▶ [WORK ORDER]
Lines from the one containing "(wnorm_udiag d0 q0 Qu" through the end of the data below are to be transcribed exactly; leave out all others.
■ ■ ■ ■ ■
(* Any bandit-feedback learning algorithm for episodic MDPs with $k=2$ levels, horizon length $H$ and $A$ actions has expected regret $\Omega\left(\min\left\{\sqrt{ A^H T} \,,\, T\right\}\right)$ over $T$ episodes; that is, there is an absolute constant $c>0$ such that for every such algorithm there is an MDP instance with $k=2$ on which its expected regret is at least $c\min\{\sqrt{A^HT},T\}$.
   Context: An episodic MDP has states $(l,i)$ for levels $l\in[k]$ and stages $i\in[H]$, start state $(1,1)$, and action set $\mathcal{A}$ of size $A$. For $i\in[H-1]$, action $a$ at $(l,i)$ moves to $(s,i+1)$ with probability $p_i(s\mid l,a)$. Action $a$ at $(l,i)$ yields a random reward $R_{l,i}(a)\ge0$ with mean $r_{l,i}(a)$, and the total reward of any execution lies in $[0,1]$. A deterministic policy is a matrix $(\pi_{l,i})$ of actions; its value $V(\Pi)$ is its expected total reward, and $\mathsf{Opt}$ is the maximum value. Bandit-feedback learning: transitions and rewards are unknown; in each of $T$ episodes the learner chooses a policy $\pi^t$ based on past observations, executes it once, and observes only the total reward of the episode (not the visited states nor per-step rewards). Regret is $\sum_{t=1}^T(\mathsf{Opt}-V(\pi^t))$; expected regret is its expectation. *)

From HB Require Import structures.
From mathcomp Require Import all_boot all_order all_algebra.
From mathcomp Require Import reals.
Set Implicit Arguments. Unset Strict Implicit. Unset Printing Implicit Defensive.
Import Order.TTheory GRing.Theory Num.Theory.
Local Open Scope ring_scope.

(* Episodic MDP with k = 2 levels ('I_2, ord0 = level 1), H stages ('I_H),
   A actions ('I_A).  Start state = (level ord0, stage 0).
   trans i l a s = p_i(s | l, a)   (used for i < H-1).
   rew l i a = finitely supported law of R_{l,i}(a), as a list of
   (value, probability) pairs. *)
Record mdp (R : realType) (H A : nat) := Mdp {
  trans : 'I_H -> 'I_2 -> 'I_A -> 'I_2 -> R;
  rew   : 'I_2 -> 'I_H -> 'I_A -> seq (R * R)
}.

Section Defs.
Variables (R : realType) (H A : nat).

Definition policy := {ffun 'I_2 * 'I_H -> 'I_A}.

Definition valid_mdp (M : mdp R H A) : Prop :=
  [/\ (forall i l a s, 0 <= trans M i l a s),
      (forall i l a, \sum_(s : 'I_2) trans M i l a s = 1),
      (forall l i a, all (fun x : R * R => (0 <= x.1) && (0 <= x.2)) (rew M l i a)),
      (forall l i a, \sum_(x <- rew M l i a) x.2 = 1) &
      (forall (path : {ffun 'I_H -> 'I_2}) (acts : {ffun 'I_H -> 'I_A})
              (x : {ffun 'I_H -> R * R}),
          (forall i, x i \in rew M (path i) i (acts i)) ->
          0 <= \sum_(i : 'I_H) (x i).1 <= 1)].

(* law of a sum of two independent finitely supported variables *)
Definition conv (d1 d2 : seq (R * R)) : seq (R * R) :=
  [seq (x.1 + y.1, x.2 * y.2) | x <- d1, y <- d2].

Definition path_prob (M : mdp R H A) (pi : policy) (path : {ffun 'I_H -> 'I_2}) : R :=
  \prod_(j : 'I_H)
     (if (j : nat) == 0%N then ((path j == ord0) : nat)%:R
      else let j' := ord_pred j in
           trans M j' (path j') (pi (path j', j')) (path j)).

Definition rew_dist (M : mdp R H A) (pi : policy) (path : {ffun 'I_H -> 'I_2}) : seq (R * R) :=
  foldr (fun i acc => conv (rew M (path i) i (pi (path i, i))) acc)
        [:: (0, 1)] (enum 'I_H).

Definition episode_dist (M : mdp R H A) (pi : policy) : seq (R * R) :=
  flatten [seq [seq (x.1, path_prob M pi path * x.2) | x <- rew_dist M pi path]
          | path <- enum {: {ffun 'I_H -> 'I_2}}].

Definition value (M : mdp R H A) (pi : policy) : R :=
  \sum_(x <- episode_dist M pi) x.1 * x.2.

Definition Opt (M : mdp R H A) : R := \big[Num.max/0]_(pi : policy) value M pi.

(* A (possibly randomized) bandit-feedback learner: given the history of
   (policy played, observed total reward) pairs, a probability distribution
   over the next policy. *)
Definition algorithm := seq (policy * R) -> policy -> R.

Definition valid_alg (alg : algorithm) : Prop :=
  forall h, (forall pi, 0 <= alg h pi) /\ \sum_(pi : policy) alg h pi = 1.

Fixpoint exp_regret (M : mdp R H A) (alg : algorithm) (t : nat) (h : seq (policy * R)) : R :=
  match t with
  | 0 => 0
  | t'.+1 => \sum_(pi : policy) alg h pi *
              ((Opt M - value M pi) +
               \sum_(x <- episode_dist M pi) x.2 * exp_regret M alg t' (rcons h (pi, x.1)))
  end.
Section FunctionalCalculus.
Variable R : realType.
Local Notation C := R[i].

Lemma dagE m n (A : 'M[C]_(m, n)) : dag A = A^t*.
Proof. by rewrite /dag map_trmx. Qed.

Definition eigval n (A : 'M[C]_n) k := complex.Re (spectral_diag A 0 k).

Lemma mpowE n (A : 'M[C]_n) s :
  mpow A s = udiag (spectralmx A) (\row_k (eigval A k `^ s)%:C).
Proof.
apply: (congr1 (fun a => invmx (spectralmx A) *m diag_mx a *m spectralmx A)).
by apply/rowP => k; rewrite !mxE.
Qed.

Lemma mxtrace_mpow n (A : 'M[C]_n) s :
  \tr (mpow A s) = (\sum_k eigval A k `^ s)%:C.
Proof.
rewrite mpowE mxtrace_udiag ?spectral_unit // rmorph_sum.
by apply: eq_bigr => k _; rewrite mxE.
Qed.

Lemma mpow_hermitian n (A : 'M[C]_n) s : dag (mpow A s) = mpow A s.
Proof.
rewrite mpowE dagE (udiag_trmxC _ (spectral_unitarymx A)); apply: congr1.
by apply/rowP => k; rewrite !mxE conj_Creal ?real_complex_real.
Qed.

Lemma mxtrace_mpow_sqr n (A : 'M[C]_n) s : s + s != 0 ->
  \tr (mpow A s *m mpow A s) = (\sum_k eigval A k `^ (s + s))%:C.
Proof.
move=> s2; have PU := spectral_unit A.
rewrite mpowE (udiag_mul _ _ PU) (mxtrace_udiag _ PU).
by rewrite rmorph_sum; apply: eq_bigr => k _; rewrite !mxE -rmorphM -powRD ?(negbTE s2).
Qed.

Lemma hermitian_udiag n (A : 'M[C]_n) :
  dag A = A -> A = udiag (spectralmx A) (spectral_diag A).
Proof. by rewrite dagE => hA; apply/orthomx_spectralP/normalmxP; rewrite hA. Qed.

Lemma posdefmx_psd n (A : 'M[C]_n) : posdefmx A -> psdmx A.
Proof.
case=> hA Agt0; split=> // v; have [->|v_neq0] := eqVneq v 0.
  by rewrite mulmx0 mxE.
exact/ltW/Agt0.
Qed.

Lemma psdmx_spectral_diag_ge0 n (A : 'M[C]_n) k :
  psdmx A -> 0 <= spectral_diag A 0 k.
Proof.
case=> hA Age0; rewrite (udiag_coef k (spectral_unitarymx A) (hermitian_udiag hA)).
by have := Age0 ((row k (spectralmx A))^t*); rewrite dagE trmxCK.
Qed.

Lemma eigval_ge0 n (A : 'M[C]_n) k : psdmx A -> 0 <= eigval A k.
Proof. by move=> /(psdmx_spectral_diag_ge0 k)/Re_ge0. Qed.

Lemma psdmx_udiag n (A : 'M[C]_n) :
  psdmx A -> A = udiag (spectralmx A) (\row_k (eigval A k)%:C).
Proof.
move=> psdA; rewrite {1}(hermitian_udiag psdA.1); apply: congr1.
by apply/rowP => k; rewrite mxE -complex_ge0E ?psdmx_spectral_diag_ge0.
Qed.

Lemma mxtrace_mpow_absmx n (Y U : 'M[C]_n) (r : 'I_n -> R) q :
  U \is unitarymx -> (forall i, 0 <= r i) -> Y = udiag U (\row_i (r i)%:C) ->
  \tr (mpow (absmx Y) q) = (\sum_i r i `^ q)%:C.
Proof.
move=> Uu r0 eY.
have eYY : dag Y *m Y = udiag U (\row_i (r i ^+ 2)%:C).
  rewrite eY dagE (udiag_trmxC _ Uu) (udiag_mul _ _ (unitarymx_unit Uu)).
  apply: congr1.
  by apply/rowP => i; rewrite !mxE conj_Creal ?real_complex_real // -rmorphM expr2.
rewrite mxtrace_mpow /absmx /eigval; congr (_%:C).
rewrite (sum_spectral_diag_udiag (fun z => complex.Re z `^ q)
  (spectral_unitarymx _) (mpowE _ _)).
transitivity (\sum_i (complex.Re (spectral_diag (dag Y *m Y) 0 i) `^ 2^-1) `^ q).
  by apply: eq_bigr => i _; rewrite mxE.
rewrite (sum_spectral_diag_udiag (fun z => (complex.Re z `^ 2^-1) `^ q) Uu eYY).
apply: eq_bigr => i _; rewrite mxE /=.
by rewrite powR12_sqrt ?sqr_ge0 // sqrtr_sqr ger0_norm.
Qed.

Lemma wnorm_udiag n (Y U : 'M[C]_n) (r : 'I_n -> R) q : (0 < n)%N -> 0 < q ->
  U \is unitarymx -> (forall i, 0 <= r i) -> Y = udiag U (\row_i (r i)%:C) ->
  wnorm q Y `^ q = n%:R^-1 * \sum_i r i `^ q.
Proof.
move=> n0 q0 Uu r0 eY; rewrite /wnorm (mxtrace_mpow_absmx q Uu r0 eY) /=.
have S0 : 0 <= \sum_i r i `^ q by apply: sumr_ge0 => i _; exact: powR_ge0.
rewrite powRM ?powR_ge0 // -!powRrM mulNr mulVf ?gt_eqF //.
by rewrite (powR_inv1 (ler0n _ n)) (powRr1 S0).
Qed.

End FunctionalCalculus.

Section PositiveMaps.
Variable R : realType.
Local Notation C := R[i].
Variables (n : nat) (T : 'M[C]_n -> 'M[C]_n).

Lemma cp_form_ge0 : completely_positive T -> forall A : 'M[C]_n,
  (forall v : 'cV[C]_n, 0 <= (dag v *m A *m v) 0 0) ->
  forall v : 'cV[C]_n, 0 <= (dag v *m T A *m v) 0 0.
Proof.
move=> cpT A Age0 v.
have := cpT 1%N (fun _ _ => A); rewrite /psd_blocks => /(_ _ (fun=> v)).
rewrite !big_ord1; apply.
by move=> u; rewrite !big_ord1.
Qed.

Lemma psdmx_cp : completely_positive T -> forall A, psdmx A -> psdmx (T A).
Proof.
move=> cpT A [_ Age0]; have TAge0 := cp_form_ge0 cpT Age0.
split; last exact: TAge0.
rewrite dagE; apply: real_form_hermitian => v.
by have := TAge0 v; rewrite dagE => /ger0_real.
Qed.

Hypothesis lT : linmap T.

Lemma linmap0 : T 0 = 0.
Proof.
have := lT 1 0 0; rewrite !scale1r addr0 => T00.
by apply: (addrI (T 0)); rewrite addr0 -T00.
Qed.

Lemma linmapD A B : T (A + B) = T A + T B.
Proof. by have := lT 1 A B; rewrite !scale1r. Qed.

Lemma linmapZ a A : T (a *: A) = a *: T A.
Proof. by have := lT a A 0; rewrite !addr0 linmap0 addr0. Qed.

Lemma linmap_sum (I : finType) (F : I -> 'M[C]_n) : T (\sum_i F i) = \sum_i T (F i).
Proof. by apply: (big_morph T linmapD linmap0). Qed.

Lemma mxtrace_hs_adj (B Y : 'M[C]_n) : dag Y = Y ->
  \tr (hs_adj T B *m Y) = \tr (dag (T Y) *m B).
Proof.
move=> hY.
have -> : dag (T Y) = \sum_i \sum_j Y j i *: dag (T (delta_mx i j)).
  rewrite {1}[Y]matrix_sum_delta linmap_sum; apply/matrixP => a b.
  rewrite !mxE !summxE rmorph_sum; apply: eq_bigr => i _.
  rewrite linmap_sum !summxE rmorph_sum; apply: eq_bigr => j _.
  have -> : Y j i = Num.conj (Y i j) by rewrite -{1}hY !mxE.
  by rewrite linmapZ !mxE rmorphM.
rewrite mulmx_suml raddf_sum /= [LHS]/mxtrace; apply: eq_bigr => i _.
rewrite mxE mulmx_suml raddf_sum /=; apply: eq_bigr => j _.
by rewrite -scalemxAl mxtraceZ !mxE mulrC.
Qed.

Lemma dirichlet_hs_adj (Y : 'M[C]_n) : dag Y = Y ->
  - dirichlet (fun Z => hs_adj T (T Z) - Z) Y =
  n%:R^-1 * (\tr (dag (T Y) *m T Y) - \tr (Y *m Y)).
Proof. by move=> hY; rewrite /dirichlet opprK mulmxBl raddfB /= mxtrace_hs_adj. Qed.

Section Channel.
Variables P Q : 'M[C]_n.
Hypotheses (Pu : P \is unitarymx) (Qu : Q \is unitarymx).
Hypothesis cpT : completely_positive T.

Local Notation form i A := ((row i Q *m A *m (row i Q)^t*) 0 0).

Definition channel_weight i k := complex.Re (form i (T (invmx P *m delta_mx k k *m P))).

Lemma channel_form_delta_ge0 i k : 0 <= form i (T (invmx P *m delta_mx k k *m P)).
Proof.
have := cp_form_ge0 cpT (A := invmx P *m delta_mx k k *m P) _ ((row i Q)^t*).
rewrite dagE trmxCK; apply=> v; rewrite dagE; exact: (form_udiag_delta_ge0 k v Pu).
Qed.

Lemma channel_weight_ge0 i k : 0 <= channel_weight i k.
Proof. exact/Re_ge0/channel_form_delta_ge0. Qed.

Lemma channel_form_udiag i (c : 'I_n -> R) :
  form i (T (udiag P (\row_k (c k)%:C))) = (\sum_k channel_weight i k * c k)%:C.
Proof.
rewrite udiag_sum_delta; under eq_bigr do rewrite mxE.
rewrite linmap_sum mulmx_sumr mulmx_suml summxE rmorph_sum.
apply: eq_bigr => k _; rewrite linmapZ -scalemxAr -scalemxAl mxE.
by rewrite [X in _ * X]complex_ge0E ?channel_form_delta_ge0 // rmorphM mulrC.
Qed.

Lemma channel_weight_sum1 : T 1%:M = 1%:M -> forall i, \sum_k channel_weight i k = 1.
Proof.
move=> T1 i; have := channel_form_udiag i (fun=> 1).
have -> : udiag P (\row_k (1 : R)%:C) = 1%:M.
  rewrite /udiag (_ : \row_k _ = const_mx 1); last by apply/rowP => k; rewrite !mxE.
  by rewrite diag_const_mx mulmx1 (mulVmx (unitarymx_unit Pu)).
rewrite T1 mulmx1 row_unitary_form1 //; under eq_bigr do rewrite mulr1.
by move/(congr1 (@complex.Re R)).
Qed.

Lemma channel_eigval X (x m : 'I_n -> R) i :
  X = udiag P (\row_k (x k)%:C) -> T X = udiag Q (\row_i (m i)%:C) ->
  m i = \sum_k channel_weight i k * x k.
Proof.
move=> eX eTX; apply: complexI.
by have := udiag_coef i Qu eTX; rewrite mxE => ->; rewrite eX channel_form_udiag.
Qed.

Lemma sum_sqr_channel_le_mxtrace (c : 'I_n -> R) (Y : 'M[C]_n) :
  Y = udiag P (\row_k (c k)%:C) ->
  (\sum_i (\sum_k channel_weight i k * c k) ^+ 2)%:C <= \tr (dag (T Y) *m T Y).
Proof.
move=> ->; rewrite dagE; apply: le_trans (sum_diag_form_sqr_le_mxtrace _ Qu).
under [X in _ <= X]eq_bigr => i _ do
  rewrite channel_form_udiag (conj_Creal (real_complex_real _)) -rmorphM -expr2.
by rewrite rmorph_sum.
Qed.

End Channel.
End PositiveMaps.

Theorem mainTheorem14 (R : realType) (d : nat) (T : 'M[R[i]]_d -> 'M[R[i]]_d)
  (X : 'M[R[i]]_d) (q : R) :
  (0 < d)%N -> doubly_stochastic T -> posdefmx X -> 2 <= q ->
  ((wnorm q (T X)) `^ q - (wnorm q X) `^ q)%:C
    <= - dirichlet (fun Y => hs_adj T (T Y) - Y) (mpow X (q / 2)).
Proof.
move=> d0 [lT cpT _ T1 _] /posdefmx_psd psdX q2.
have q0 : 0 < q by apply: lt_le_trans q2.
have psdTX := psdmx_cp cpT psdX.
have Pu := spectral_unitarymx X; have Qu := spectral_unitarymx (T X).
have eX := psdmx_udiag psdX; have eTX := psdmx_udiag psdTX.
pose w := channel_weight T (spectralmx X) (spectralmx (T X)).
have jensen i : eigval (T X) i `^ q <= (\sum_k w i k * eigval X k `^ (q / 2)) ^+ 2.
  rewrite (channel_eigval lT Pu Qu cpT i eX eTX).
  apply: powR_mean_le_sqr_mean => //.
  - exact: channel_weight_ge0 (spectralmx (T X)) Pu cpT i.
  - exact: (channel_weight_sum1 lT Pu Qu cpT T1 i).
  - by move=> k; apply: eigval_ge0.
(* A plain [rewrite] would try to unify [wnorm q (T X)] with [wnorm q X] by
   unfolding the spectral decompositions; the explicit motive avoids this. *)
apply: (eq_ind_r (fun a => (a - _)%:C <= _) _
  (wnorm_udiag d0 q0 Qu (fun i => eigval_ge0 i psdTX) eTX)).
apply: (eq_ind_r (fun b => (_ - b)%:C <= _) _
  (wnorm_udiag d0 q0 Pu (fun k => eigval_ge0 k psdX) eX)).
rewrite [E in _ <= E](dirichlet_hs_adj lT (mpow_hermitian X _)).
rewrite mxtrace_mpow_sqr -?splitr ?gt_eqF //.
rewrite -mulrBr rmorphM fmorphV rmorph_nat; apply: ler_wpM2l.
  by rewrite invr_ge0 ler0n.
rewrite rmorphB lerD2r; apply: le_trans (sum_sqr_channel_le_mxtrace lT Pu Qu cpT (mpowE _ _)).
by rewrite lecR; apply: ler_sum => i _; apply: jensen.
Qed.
■ ■ ■ ■ ■
▶ [RESPONSE TO THIS EXERCISE]
  (wnorm_udiag d0 q0 Qu (fun i => eigval_ge0 i psdTX) eTX)).
apply: (eq_ind_r (fun b => (_ - b)%:C <= _) _
  (wnorm_udiag d0 q0 Pu (fun k => eigval_ge0 k psdX) eX)).
rewrite [E in _ <= E](dirichlet_hs_adj lT (mpow_hermitian X _)).
rewrite mxtrace_mpow_sqr -?splitr ?gt_eqF //.
rewrite -mulrBr rmorphM fmorphV rmorph_nat; apply: ler_wpM2l.
  by rewrite invr_ge0 ler0n.
rewrite rmorphB lerD2r; apply: le_trans (sum_sqr_channel_le_mxtrace lT Pu Qu cpT (mpowE _ _)).
by rewrite lecR; apply: ler_sum => i _; apply: jensen.
Qed.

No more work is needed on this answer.